To submit bug reports and feature suggestions, please contact:

Surendhar Reddy Chepyala ([email protected]) and Junmin Peng ([email protected])

Acknowledgment

We acknowledge St. Jude Children's Research Hospital, ALSAC (American Lebanese Syrian Associated Charities) and National Institute of Health for supporting the development of JUMP Software Suite.

References

1. Chepyala et al., JUMPt: Comprehensive protein turnover modeling of in vivo pulse SILAC data by ordinary differential equations. Analytical chemistry (under review)
2. Wang, X., et al., JUMP: a tag-based database search tool for peptide identification with high sensitivity and accuracy. Molecular & Cellular Proteomics, 2014. 13(12): p. 3663-3673.
3. Wang, X., et al., JUMPm: A Tool for Large-Scale Identification of Metabolites in Untargeted Metabolomics. Metabolites, 2020. 10(5): p. 190.
4. Li, Y., et al., JUMPg: an integrative proteogenomics pipeline identifying unannotated proteins in human brain and cancer cells. Journal of proteome research, 2016. 15(7): p. 2309-2320.
5. Tan, H., et al., Integrative proteomics and phosphoproteomics profiling reveals dynamic signaling networks and bioenergetics pathways underlying T cell activation.
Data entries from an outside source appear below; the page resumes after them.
Lemma residual_sequence (A : nat -> W -> Prop) (B : nat -> V -> Prop) :
  (forall k e, A k e -> exists x, B k x /\ A (S k) (vsub e (T x))) ->
  forall y, A O y -> exists x : nat -> V, forall n, B n (x n) /\ A (S n) (vsub y (T (psum x n))).
Proof.
  intros Hstep y Hy.
  assert (Hstep' : forall ke : nat * W, exists x,
    A (fst ke) (snd ke) -> B (fst ke) x /\ A (S (fst ke)) (vsub (snd ke) (T x))).
  { intros [k e]; destruct (classic (A k e)) as [He|He].
    - destruct (Hstep k e He) as [x Hx]; exists x; auto.
    - exists (vzero V); intro; contradiction. }
  destruct (choice _ Hstep') as [g Hg].
  set (res := fix res n := match n with O => y | S n => vsub (res n) (T (g (n, res n))) end).
  assert (HA : forall n, A n (res n)).
  { induction n as [|n IH]; [exact Hy | apply (Hg (n, res n) IH)]. }
  exists (fun n => g (n, res n)).
  assert (Hres : forall n, res (S n) = vsub y (T (psum (fun n => g (n, res n)) n))).
  { induction n as [|n IH]; [reflexivity|].
    change (res (S (S n))) with (vsub (res (S n)) (T (g (S n, res (S n))))).
    simpl psum; rewrite (proj1 hT), <- vsub_add, <- IH; reflexivity. }
  intro n; rewrite <- Hres; apply (Hg (n, res n) (HA n)).
Qed.

(* Successive approximation: solve [T x = y] up to a residual in [N0 (sg k)] at stage [k],
   with corrections in [N0 (t/4 * 2^-k)] that sum to a point of [N0 t]. *)
Lemma almost_open_open :
  strongly_complete V -> strongly_continuous T -> almost_open -> open_at0.
Proof.
  intros hV hC Halmost t Ht.
  set (tk k := t / 4 * (/ 2) ^ k).
  assert (Htk : forall k, 0 < tk k) by (intro k; pose proof (pow_half_pos k); unfold tk; nra).
  destruct (choice _ (fun k => Halmost (tk k) (Htk k))) as [sf Hsf].
  set (sg k := Rmin (sf k) ((/ 2) ^ k)).
  assert (Hsg : forall k, 0 < sg k /\ sg k <= (/ 2) ^ k).
  { intro k; pose proof (proj1 (Hsf k)); pose proof (pow_half_pos k).
    unfold sg, Rmin; destruct (Rle_dec _ _); lra. }
  assert (Hstep : forall k e, N0 W e (sg k) ->
    exists x, N0 V x (tk k) /\ N0 W (vsub e (T x)) (sg (S k))).
  { intros k e He; apply (proj2 (Hsf k)); [|apply Hsg].
    eapply N0_mono; [apply Rmin_l | exact He]. }
  exists (sg O); split; [apply Hsg|]; intros y Hy.
  destruct (residual_sequence _ _ Hstep y Hy) as [xs Hxs].
  assert (Hxs' : forall k, N0 V (xs k) (t / 4 * (/ 2) ^ k)) by apply Hxs.
  destruct (hV _ (psum_Cauchy V xs (t / 4) Hxs' ltac:(lra))) as [x Hx].
  exists x; split.
  - replace t with (t / 2 + t / 2) by field.
    apply (N0_limit V _ _ _ _ Hx); [|lra]; intro n.
    eapply N0_mono; [|apply (psum_bound V xs _ Hxs')]; pose proof (pow_half_pos n); nra.
  - apply (strongly_converges_unique W (fun n => T (psum xs n)));
      [now apply continuous_converges|].
    intros r Hr; destruct (pow_half_small r Hr) as [N HN]; exists N; intros n Hn.
    eapply N0_mono; [|apply Hxs]; pose proof (Hsg (S n)); pose proof (HN (S n) ltac:(lia)); lra.
Qed.

Lemma inverse_linear (Tinv : W -> V) :
  (forall x, Tinv (T x) = x) -> (forall y, T (Tinv y) = y) -> is_linear Tinv.
Proof.
  intros hl hr; destruct hT as [Hadd Hscal]; split.
  - intros x y; rewrite <- (hr x), <- (hr y) at 1; rewrite <- Hadd, hl; reflexivity.
  - intros a x; rewrite <- (hr x) at 1; rewrite <- Hscal, hl; reflexivity.
Qed.

Lemma open_inverse_in_B (Tinv : W -> V) :
  (forall x, Tinv (T x) = x) -> (forall y, T (Tinv y) = y) -> open_at0 -> in_B Tinv.
Proof.
  intros hl hr Hopen; pose proof (inverse_linear Tinv hl hr) as Hlin.
  split; [exact Hlin|]; apply (linear_continuous_at0 W V Tinv Hlin).
  intros t Ht; destruct (Hopen t Ht) as [s [Hs Hsmall]]; exists s; split; [exact Hs|].
  intros q Hq; destruct (Hsmall q Hq) as [x [Hx <-]]; rewrite hl; exact Hx.
Qed.

End OpenMapping.

Theorem corollary4p6 (V W : PNSpace) (T : V -> W)
  (hV : strongly_complete V) (hW : strongly_complete W)
  (hT : in_B T)
  (hinj : forall x y, T x = T y -> x = y)
  (hsurj : forall y, exists x, T x = y)
  (Tinv : W -> V)
  (hl : forall x, Tinv (T x) = x) (hr : forall y, T (Tinv y) = y) :
  in_B Tinv.
Proof.
  destruct hT as [Hlin Hcont].
  apply (open_inverse_in_B V W T Hlin Tinv hl hr).
  apply almost_open_open; [exact Hlin | exact hV | exact Hcont |].
  exact (surjective_almost_open V W T Hlin hW hsurj).
Qed.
Immunity, 2017. 46(3): p. 488-503.
6. Peng, J., et al., Evaluation of multidimensional chromatography coupled with tandem mass spectrometry (LC/LC− MS/MS) for large-scale protein analysis: the yeast proteome. Journal of proteome research, 2003. 2(1): p. 43-50.
7. Niu, M., et al., Extensive peptide fractionation and y 1 ion-based interference detection method for enabling accurate quantification by isobaric labeling and mass spectrometry. Analytical chemistry, 2017. 89(5): p. 2956-2963.